The recent incident of a smart speaker secretly recording a couple’s conversation and sending it to one of their contacts has implanted a seed of doubt in every smart speaker’s user. While manufacturers assure their customers of protecting their privacy, it often gets tough to believe in their claims. In Amazon’s case, for example, the company said that the device mistook one of the words in their conversation as its call sign and sent a recorded message to their contact, all while asking them.
Now, there could have been multiple reasons as to how the incident took place. However, smart speaker manufacturers build in some ways to physically stop these smart speakers from invading your privacy, even if the software goes rogue. If you have just got yourself a smart speaker, then we suggest you should go through these pointers if safeguarding your privacy is of prime importance.
Mute the microphone/camera when not needed
Every smart speaker comes with a physical button to disable the microphone on smart speakers. If you own a Google Home or any of Amazon’s Echo devices, you can locate a physical button that’s dedicated to turning off the microphone when not needed. On Amazon’s Echo Spot, the same button also disables the camera. Apple’s HomePod doesn’t have any button, but you can ask Siri to mute the microphone.
Turn up the volume to the max
This might seem impractical, but it’s one of the safest ways to detect activity on these speakers if the call word is initiated by accident. A higher volume will draw attention to the device if it has recorded something and is asking permission to send it to one of your contacts.

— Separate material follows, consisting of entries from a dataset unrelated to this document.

(* Let $M$ be a complete pointed metric space and $Y$ a real Banach space. If $Y_1$ is an absolute summand of $Y$ and $\mathrm{A}(M,Y)$ is dense in $\mathrm{Lip}_0(M,Y)$, then $\mathrm{A}(M,Y_1)$ is dense in $\mathrm{Lip}_0(M,Y_1)$.
   Context: Throughout, metric spaces are complete and pointed, with base point $0$. $\mathrm{Lip}_0(M,Y)$ is the Banach space of Lipschitz maps $f:M\to Y$ with $f(0)=0$, normed by $\|f\|=\sup_{p\neq q}\|f(p)-f(q)\|/d(p,q)$. A map $f$ attains its norm toward $y\in Y$ if there is a sequence $(p_n,q_n)$ in $M\times M$ with $p_n\neq q_n$ such that $[f(p_n)-f(q_n)]/d(p_n,q_n)\to y$ and $\|y\|=\|f\|$; $\mathrm{A}(M,Y)$ is the set of $f$ attaining their norm toward some vector. An absolute norm $|\cdot|_a$ on $\mathbb{R}^2$ is a norm with $|(1,0)|_a=|(0,1)|_a=1$ and $|(p,q)|_a=|(|p|,|q|)|_a$ for all $p,q$. The absolute sum $Y_1\oplus_a Y_2$ of Banach spaces $Y_1,Y_2$ is $Y_1\times Y_2$ with the norm $\|(y_1,y_2)\|_a=|(\|y_1\|,\|y_2\|)|_a$. A Banach space $Y_1$ is an absolute summand of $Y$ if $Y=Y_1\oplus_a Y_2$ (isometrically) for some Banach space $Y_2$ and some absolute norm $|\cdot|_a$. *)

From HB Require Import structures.
From mathcomp Require Import all_boot all_order all_algebra.
From mathcomp Require Import all_classical all_reals all_analysis.
Set Implicit Arguments. Unset Strict Implicit. Unset Printing Implicit Defensive.
Import Order.TTheory GRing.Theory Num.Theory.
Import numFieldNormedType.Exports.
Local Open Scope classical_set_scope.
Local Open Scope ring_scope.

Section Defs.
Variable R : realType.

Definition is_metric (M : Type) (d : M -> M -> R) : Prop :=
  (forall x y, 0 <= d x y) /\
  (forall x y, d x y = 0 <-> x = y) /\
  (forall x y, d x y = d y x) /\
  (forall x y z, d x z <= d x y + d y z).

Definition complete_metric (M : Type) (d : M -> M -> R) : Prop :=
  is_metric d /\
  (forall u : nat -> M,
     (forall e : R, 0 < e -> exists N : nat, forall m n : nat,
        (N <= m)%N -> (N <= n)%N -> d (u m) (u n) < e) ->
     exists x : M, forall e : R, 0 < e -> exists N : nat, forall n : nat,
        (N <= n)%N -> d (u n) x < e).

Definition Lip0 (M : Type) (d : M -> M -> R) (x0 : M)
  (Y : normedModType R) (f : M -> Y) : Prop :=
  f x0 = 0 /\ exists L : R, forall p q, `|f p - f q| <= L * d p q.

Definition lipnorm (M : Type) (d : M -> M -> R) (Y : normedModType R)
  (f : M -> Y) : R :=
  sup [set r : R | exists p q : M, p <> q /\ r = `|f p - f q| / d p q].

Definition attains_toward (M : Type) (d : M -> M -> R) (Y : normedModType R)
  (f : M -> Y) (y : Y) : Prop :=
  (exists pq : nat -> M * M,
     (forall n, (pq n).1 <> (pq n).2) /\
     (fun n => (d (pq n).1 (pq n).2)^-1 *: (f (pq n).1 - f (pq n).2))
        @ \oo --> y) /\
  `|y| = lipnorm d f.

Definition normA (M : Type) (d : M -> M -> R) (x0 : M) (Y : normedModType R)
  (f : M -> Y) : Prop :=
  Lip0 d x0 f /\ exists y : Y, attains_toward d f y.

Definition A_dense (M : Type) (d : M -> M -> R) (x0 : M)
  (Y : normedModType R) : Prop :=
  forall f : M -> Y, Lip0 d x0 f ->
  forall e : R, 0 < e ->
  exists g : M -> Y, normA d x0 g /\ lipnorm d (f \- g) < e.

Definition absolute_norm (N : R -> R -> R) : Prop :=
  (forall p q, 0 <= N p q) /\
  (forall p q, N p q = 0 -> p = 0 /\ q = 0) /\
  (forall l p q, N (l * p) (l * q) = `|l| * N p q) /\
  (forall p q p' q', N (p + p') (q + q') <= N p q + N p' q') /\
  N 1 0 = 1 /\ N 0 1 = 1 /\
  (forall p q, N p q = N `|p| `|q|).
(* For the unit-sum normalization, there is an absolute constant $C>0$ such that for every $n\ge1$ and every truthful-in-expectation mechanism $J$ on $n$ agents and $n$ items, $ar(J)\le C/\sqrt n$.
   Context: Agents $N=\{1,\dots,n\}$, items $M=\{1,\dots,n\}$, outcomes are bijections $\mu$ ($O$ the set of outcomes). Unit-sum valuation functions: injective $u_i:M\to\mathbb R_{\ge0}$ with $\sum_j u_i(j)=1$; $V$ the set of these, $V^n$ the set of profiles. A (randomized) mechanism $J$ maps each profile to a distribution over $O$; $J(\mathbf u)_i$ is agent $i$'s random item. $J$ is truthful-in-expectation if for all $i$, $\mathbf u=(u_i,u_{-i})\in V^n$, $\tilde u_i\in V$: $\mathbb E[u_i(J(u_i,u_{-i})_i)]\ge\mathbb E[u_i(J(\tilde u_i,u_{-i})_i)]$. $ar(J)=\inf_{\mathbf u\in V^n}\mathbb E[\sum_i u_i(J(\mathbf u)_i)]/\max_{\mu\in O}\sum_i u_i(\mu_i)$. *)

From HB Require Import structures.
From mathcomp Require Import all_boot all_fingroup.
From Stdlib Require Import Reals.

Set Implicit Arguments.
Unset Strict Implicit.
Unset Printing Implicit Defensive.

Lemma Rplus_0l : left_id R0 Rplus. Proof. exact: Rplus_0_l. Qed.
Lemma Rplus_A : associative Rplus. Proof. by move=> x y z; rewrite Rplus_assoc. Qed.
HB.instance Definition _ := Monoid.isComLaw.Build R R0 Rplus Rplus_A Rplus_comm Rplus_0l.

Keep it disconnected from the Wi-Fi
When you are sure that you won’t need the smart speaker active for a considerable amount of time — for example, while enjoying a movie on your TV, then it’s wise to disconnect it from the network. A disconnected smart speaker is as good as a dumb wireless speaker.
Don’t give access to contacts
Now, this might be slightly impractical and may defeat the purpose of a smart speaker. However, if you are suspicious of your smart speaker secretly recording stuff and sending it to random contacts, then it’s wise to block it from gaining access to your phonebook. With no contacts on its server, the speaker won’t be able to send it to anyone.
Turn off calling and messaging
While most smart speakers come with these enabled by default, seeking assistance from customer service will help you turn off calling and messaging. Without these features, your smart speaker is limited to a voice-based search engine, eradicating any sort of doubt about the speaker sending your conversation to your contacts.
Lastly, don’t buy one, if you are suspicious
This is a logical advice if you are suspicious of these smart devices spying on you, even when you have tried all of the stuff mentioned here. Despite manufacturers building in security measures, you won’t be able to use one in a way it’s meant to if you lack trust on these devices. If all you want is a voice assistant helping you out, you can rely on your smartphone and connect it to a wireless speaker, although you still run the risk of being tracked by your phone too.